I have been able travel across borders without being ‘visible’ even in countries where everyone else is black. I have had a feeling of a bubble around me that allows me to belong anywhere in the world. 

As a child, I read books about adventurers and explorers and they were all white: Eric Newby, Alexandra David-Néel, Thor Heyerdahl, Dervla Murphy... so the world comfortably belonged to me. People in history books looked like me, even prehistoric people, so I don’t have to wonder where my history is. People in children’s books looked like me, my imagination was peopled by people who look like me.

When I stayed in a pub in the Yorkshire moors with my partner, the publican only addressed me. I don’t have to experience being blanked. The publican looked me in the face because she thought I belonged there. I don’t evoke discomfort for white publicans. 

I have been protected from immigration queues, from the anxiety of being pulled out, of being refused. I have been protected from ‘Stop and Search’ on a race basis, and when I was stopped and searched, I was indignant but not scared. I know that I am protected by my whiteness from hurt by police; I am protected from racist attacks, from being asked ‘Where do you come from?’ when it means ‘you don’t come from here’. It protects me from being feared by other white people.

Ah, those are blessings. And I have them. 

“You cannot dismantle what you cannot see. You cannot challenge what you do not understand.”
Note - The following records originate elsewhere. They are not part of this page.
(* In the Cournot game described in the context, suppose each $J^i$ is twice continuously differentiable and $p(\sigma)=-D\sigma+d$ with $D\in\mathbb{R}^{V\times V}$, $D\succeq0$, $d\in\mathbb{R}^V$. If the communication matrix $T$ is symmetric ($T=T^\top$), then for every even $\nu\in\mathbb{N}$ the operator $F_\nu(x)=[\nabla_{x^i}J^i(x^i,\sigma^i_\nu(x))]_{i=1}^N$ is strongly monotone on $\mathcal{X}$.
   Context: Cournot game: $N$ firms, $V$ markets (nodes of a directed transportation network with $E$ edges and incidence matrix $B\in\{0,1,-1\}^{V\times E}$). Firm $i$ produces at location $\ell_i$; its strategy is $x^i=[t^i;r^i]\in\mathbb{R}^{E+1}_{\ge0}$ ($t^i_e$ transported on edge $e$, $r^i$ total production); sales $y^i=H^ix^i$ with $H^i=[B,e_{\ell_i}]\in\mathbb{R}^{V\times(E+1)}$. Individual constraint $\mathcal{X}^i=\{x^i\in\mathbb{R}^{E+1}_{\ge0}:x^i\le\bar r^i\mathbf{1}_{E+1},\ H^ix^i\ge0\}$, $\bar r^i>0$; $\mathcal{X}=\mathcal{X}^1\times\dots\times\mathcal{X}^N$. Costs $c^i_e(t)=\beta^i_et-\gamma^i_e(t)$, $a^i(r)=\beta^i_ar-\gamma^i_a(r)$, each $\gamma$ strongly concave, increasing, with maximum derivative smaller than the corresponding $\beta$. $J^i(z_1,z_2)=a^i(r^i)+\sum_ec^i_e(t^i_e)-p(z_2)^\top H^iz_1$, $z_1=x^i$. Communication matrix $T\in[0,1]^{N\times N}$, primitive and doubly stochastic. Local aggregate $\sigma^i_\nu(x)=\sum_j[T^\nu]_{ij}H^jx^j$; $\nabla_{x^i}J^i(x^i,\sigma^i_\nu(x))$ is the gradient of $x^i\mapsto J^i(x^i,[T^\nu]_{ii}H^ix^i+\sum_{j\ne i}[T^\nu]_{ij}H^jx^j)$. $D\succeq0$ means $z^\top Dz\ge0$ for all $z$. Strongly monotone: exists $\alpha>0$ with $(F(x)-F(y))^\top(x-y)\ge\alpha\|x-y\|^2$ for all $x,y\in\mathcal{X}$. *)

From HB Require Import structures.
From mathcomp Require Import all_boot all_order all_algebra.
From mathcomp Require Import all_classical all_reals all_analysis.
Set Implicit Arguments. Unset Strict Implicit. Unset Printing Implicit Defensive.
Import Order.TTheory GRing.Theory Num.Theory.
Import numFieldNormedType.Exports.
Local Open Scope ring_scope.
Interestingly, this process of noticing the individual elements of my privilege as parts of my life story, as the fabric of my past, allowed me to step away from experiencing privilege as paralysing guilt (I later discover in the book that this anxiety has been termed ‘white fragility’). 

Roll on next question: ‘In what ways have you wielded your white privilege over BIPOC that have done harm (whether intentional or not)?’. 

Oh no, it’s true! I, the only white child, won second prize, a fantastic prize, in an Easter bonnet competition in Barbados, with my hat that I made from a cardboard box and tissue paper. 

I clearly remember how stunned everyone was that I had turned up in their village square and that they had felt obliged to give gifts to me, and how horribly selfconscious I was because I could see I had displaced the other little girls with their stunning milliner-made bonnets.

And so the memories continue and are guided through the chapters on ‘You and tone policing’, ‘White silence’, ‘White superiority’, ‘White exceptionalism’, ‘Colour blindness’, ‘Stereotypes’, ‘you and anti-blackness against black men’... to ‘losing your privilege’. 

Losing my privilege is going to be the hardest bit, because it is about excising my attachments to my cultural past. Not so much cutting out the memories but peeling my clinging fingers away from the affection, the blithely pleasurable obliviousness to the white supremacist presumptions. 

I was going to get Asterix books for my nephew’s birthday, and my brother said: ‘No, Asterix is racist’. So, first, I mocked him: ‘What, racist against Romans? What do you mean racist? It’s anti-imperialist!’ Inside, I was weeping.... ‘Noooo, please. Tintin, OK, take away Tintin, but not Asterix!’ 

I googled: ‘Is Asterix racist?’, ‘Yes’ said Google, ‘the slaves are black Africans, they are signifying slaves, when everyone knows Roman slaves were all colours’. Ah, I studied Latin and yet the obliviousness lurks! 

Losing my privilege will be about deciding to give up my the place in the centre, and then doing it.

This book is helping me. It is hard. Thank you for this, Layla Saad.